Ландульф младший
Ландульф, хроник этих историй, происходивший из низкого рода, появился на свет около 1077 г.,
Указывает события того, что в Европе его времени симония понималась как выдача церковной должности светским лицом. Симония активно практиковалась в Европе, тогда как папство переживало тогда глубокий упадок.
«И Гроссолан тут же прибавил, сказав: «Если кто желает сказать что-либо против меня, пусть говорит. И если теперь он промолчит, то у него больше не будет возможности говорить против меня». Когда об этом сообщили пресвитеру Лиутпранду, он в тот же день созвал в церковь святого Павла множество горожан и сказал им:
«Вы видите, что мне из-за имени Христова отрезали нос и уши; за это мне обещана великая награда 66, если я буду упорствовать до конца. Так вот, из любви к Христу и ради вашего спасения и мира я прошу вас обратить внимание на меня и на то, что я вам скажу». Когда он сказал это и многое, что было славно сказано и славно прозвучало, главным образом, против симонии, то высказал такое обвинение: «Гроссолан, который считается архиепископом, повинен в симонии за Миланское архиепископство через подношение от руки, подношение от языка, подношение от угодливости».
«Гроссолан, водворив тишину в народе, обратился к людям с такой речью: «Слушайте, как я в трёх словах одержу верх над этим человеком и посрамлю его». И сказал пресвитеру: «Ты обвинил меня в симонии через подаяние от руки. Скажи теперь: Кому я дал?». Тогда пресвитер обратил взгляд на народ и, указав пальцем на тех трёх человек, которые стояли на трибуне, сказал:
«Они не хотели внимать, отворотились от Меня, и уши свои отяготили, чтобы не слышать. И сердце свое окаменили, чтобы не слышать закона и слов»
(Зах.7:11-12)
«Посмотрите на трёх величайших дьяволов, которые считают, что посрамили меня своим умом и деньгами. Но разве тот дьявол, который уговорил его стать симониаком из-за денег, не может уговорить его дать ещё большие деньги и скрыть истину, лишив меня мирских свидетелей и судей? И разве вы не знаете, что ради того, чтобы избежать хитрости дьявола и дурных людей, я избрал судьёй самого Бога, которого нельзя обмануть в суде ни с помощью денег, ни иным образом?
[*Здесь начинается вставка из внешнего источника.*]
Lemma is_ideal_span l : is_ideal (span l).
Proof.
split.
- by exists (fun _ => 0); rewrite big1 // => i _; rewrite mul0r.
- move=> _ _ [c ->] [d ->]; exists (fun i => c i + d i).
  by rewrite -big_split; apply: eq_bigr => i _; rewrite mulrDl.
- move=> a _ [c ->]; exists (fun i => a * c i).
  by rewrite mulr_sumr; apply: eq_bigr => i _; rewrite mulrA.
Qed.

Lemma span_nth l i : (i < size l)%N -> span l l`_i.
Proof.
move=> lt_il; exists (fun j => (j == i)%:R).
rewrite (bigD1 (Ordinal lt_il)) //= eqxx mul1r big1 ?addr0 // => j neq_ji.
suff /negbTE -> : nat_of_ord j != i by rewrite mul0r.
by apply: contraNneq neq_ji => eq_ji; apply/eqP/val_inj.
Qed.

Lemma span_mem l x : x \in l -> span l x.
Proof. by move=> lx; rewrite -(nth_index 0 lx); apply: span_nth; rewrite index_mem. Qed.

Lemma span_sub l I : is_ideal I -> (forall x, x \in l -> I x) ->
  forall x, span l x -> I x.
Proof.
move=> hI hl _ [c ->]; apply: ideal_sum => // i _; apply: idealMl => //.
by apply: hl; rewrite mem_nth.
Qed.

Lemma span_cons l a x : span l x -> span (a :: l) x.
Proof.
case=> c ->; exists (fun i => if i is i'.+1 then c i' else 0).
by rewrite /= big_ord_recl /= mul0r add0r.
Qed.

Lemma ideal_sq_span l x : ideal_sq (span l) x ->
  exists2 D : nat -> R, (forall j, span l (D j)) & x = \sum_(j < size l) D j * l`_j.
Proof.
case=> m [a [b [hab ->]]].
have /functional_choice [c hc] : forall i : 'I_m, exists c : nat -> R,
    b i = \sum_(j < size l) c j * l`_j by move=> i; by have [_ [d ->]] := hab i; exists d.
exists (fun j => \sum_(i < m) a i * c i j).
  move=> j; apply: ideal_sum (is_ideal_span l) _ => i _.
  by apply: idealMr (is_ideal_span l) _; have [] := hab i.
under eq_bigr => i _ do rewrite hc mulr_sumr.
rewrite exchange_big; apply: eq_bigr => j _; rewrite mulr_suml.
by apply: eq_bigr => i _; rewrite mulrA.
Qed.

End Ideals.

Section Nakayama.
Variable R : comNzRingType.
Implicit Types (I K : R -> Prop) (l : seq R).

Lemma prod_congr1 I (T : Type) (r : seq T) (P : pred T) (F : T -> R) :
  is_ideal I -> (forall i, P i -> I (F i - 1)) -> I (\prod_(i <- r | P i) F i - 1).
Proof.
move=> hI hF; apply: (big_rec (fun x => I (x - 1))); first by rewrite subrr; apply: ideal0.
move=> i x Pi hx; rewrite (_ : F i * x - 1 = F i * (x - 1) + (F i - 1)); last by ring.
by apply: idealD => //; [apply: idealMl | apply: hF].
Qed.

Lemma det_congr1 I m (M : 'M[R]_m) : is_ideal I ->
  (forall i j, I (M i j - (i == j)%:R)) -> I (\det M - 1).
Proof.
move=> hI hM; rewrite /determinant (bigD1 1%g) //= odd_perm1 expr0 mul1r -addrAC.
apply: idealD => //.
  by apply: prod_congr1 => // i _; rewrite perm1; have := hM i i; rewrite eqxx.
apply: ideal_sum => // s s_neq1; apply: idealMl => //.
have [i moved_i] : exists i, s i != i.
  apply/existsP; apply: contraNT s_neq1 => /existsPn fixed.
  by apply/eqP/permP => i; rewrite perm1; apply/eqP/negPn/fixed.
rewrite (bigD1 i) //=; apply: idealMr => //.
by have := hM i (s i); rewrite eq_sym (negbTE moved_i) subr0.
Qed.

(* Determinant trick: writing [l = k + D l], the scalar [det (1 - D)] kills [l]
   modulo [K] and is congruent to [1] modulo [span l]. *)
Lemma nakayama K l : is_ideal K ->
  (forall x, x \in l -> exists2 k, K k & ideal_sq (span l) (x - k)) ->
  exists2 s, span l s & forall x, span l x -> K ((1 - s) * x).
Proof.
move=> hK hl; set m := size l.
have /functional_choice [kD hkD] : forall i : 'I_m, exists kD : R * (nat -> R),
    [/\ K kD.1, forall j, span l (kD.2 j) & l`_i - kD.1 = \sum_(j < m) kD.2 j * l`_j].
  move=> i; have [k hk /ideal_sq_span [D hD eqD]] := hl _ (mem_nth 0 (ltn_ord i)).
  by exists (k, D).
pose M : 'M[R]_m := \matrix_(i, j) ((i == j)%:R - (kD i).2 j).
pose v : 'cV[R]_m := \col_i l`_i.
pose kv : 'cV[R]_m := \col_i (kD i).1.
have M_l : M *m v = kv.
  apply/matrixP => i j; rewrite !mxE.
  under eq_bigr => k _ do rewrite !mxE mulrBl.
  rewrite sumrB (bigD1 i) //= eqxx mul1r big1 ?addr0; last first.
    by move=> k neq_ki; rewrite eq_sym (negbTE neq_ki) mul0r.
  by have [_ _ <-] := hkD i; rewrite opprB addrC subrK.
have K_detM_l (i : 'I_m) : K (\det M * l`_i).
  have : ((\det M)%:M *m v) i 0 = (\adj M *m kv) i 0.
    by rewrite -mul_adj_mx -mulmxA M_l.
  rewrite mul_scalar_mx !mxE => ->.
  apply: ideal_sum => // j _; rewrite [kv _ _]mxE; apply: idealMl hK _.
  by have [] := hkD j.
exists (1 - \det M).
  rewrite -opprB; apply: idealN (is_ideal_span l) _.
  apply: det_congr1 (is_ideal_span l) _ => i j.
  rewrite mxE addrAC subrr add0r; apply: idealN (is_ideal_span l) _.
  by have [] := hkD i.
move=> _ [c ->]; rewrite subKr mulr_sumr; apply: (ideal_sum _ hK) => i _.
by rewrite mulrCA; apply: idealMl hK (K_detM_l i).
Qed.

End Nakayama.

Definition ideals_fg (R : comNzRingType) : Prop :=
  forall I : R -> Prop, is_ideal I -> exists l : seq R, same_set I (span l).

Lemma ex_minimal (T : Type) (m : T -> nat) (P : T -> Prop) : (exists x, P x) ->
  exists x, P x /\ forall y, P y -> (m x <= m y)%N.
Proof.
case=> x Px; have [k le_mk] : exists k, (m x <= k)%N by exists (m x).
elim: k x Px le_mk => [|k IH] x Px le_mk.
  by exists x; split => // y _; move: le_mk; rewrite leqn0 => /eqP ->.
have [[y [Py lt_yx]]|no_smaller] := classic (exists y, P y /\ (m y < m x)%N).
  by apply: (IH y Py); lia.
exists x; split => // y Py; rewrite leqNgt; apply/negP => lt_yx.
by apply: no_smaller; exists y.
Qed.

Section Noetherian.
Variable R : comNzRingType.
Если вы хотите обратиться к Его суду, то я готов сделать то, что обещал».
Гроссолан ему: «Скажи теперь, о какой симонии ты говоришь?». Пресвитер ему: «Теперь ты скажи: Хороша ли она?». Гроссолан немного помолчал и сказал: «Есть симония, которая не отменяет симонию». Пресвитер: «Я говорю о той, которая отстраняет аббата от аббатства, епископа – от епископства, архиепископа – от архиепископства, в котором он пребывает».
И, когда он удовлетворил всех этими словами, то услышал, как народ закричал: «Выходите не суд! Выходите на суд!». И под эти усиливающиеся крики пресвитер, хотя и старик, спрыгнул с камня, содержащего изображение Геркулеса, и вместе с народом пришёл на поле, где были сложены груды дров. Пока разводили огонь и поджигали дрова, пресвитер сказал стоявшим вокруг людям:
«Вы не видите священника, помимо меня, который благословил бы ради меня этот огонь; но видите грамоту, которую я держу и в которой содержатся святые слова и знаки святого креста. И я, служитель, произнесу эти слова и совершу эти знамения, и Бог, который является моим господином, благословит свыше огонь». И люди, услышав и ясно это поняв, сказали: «Аминь».
И когда он произносил эти слова и творил знамения вокруг огня, кропил святой водой и совершил курение, а Гроссолан стоял там рядом, сомнения по поводу слов клятвы возникли у Гроссолана и у Ариальда из Меленьяно, который был как бы могущественным главой у Гроссолана и распорядителем суда, ожидавшим, что пресвитер или погибнет в огне, или от сильного страха возвратится к своему господину Гроссолану.
Ибо он сказал Берарду, судье из Асти, что испытание будет считаться не выдержанным пресвитером не только в случае его смерти, но и в случае любого повреждения от огня на его теле: «Не дай Бог, будет какой-то ущерб. Но я тем более прославлю огонь, что он ещё издали выжжет глаза на его голове, а в самом огне истлеет его пылающий пепел». Однако когда пресвитер увидел, что те сомневаются в словах клятвы, он сказал им: «Позвольте мне, и я это славно улажу. Я не окончу клятву, пока не скажу того, что вас удовлетворит».
И он тут же схватил с их согласия шапку Гроссолана и, потрясая ею, сказал: «Вот этот Гроссолан, который под сей шапкой, – я говорю не о ком-то другом, – повинен в симонии за Миланское архиепископство через подношение от руки, подношение от языка, подношение от угодливости».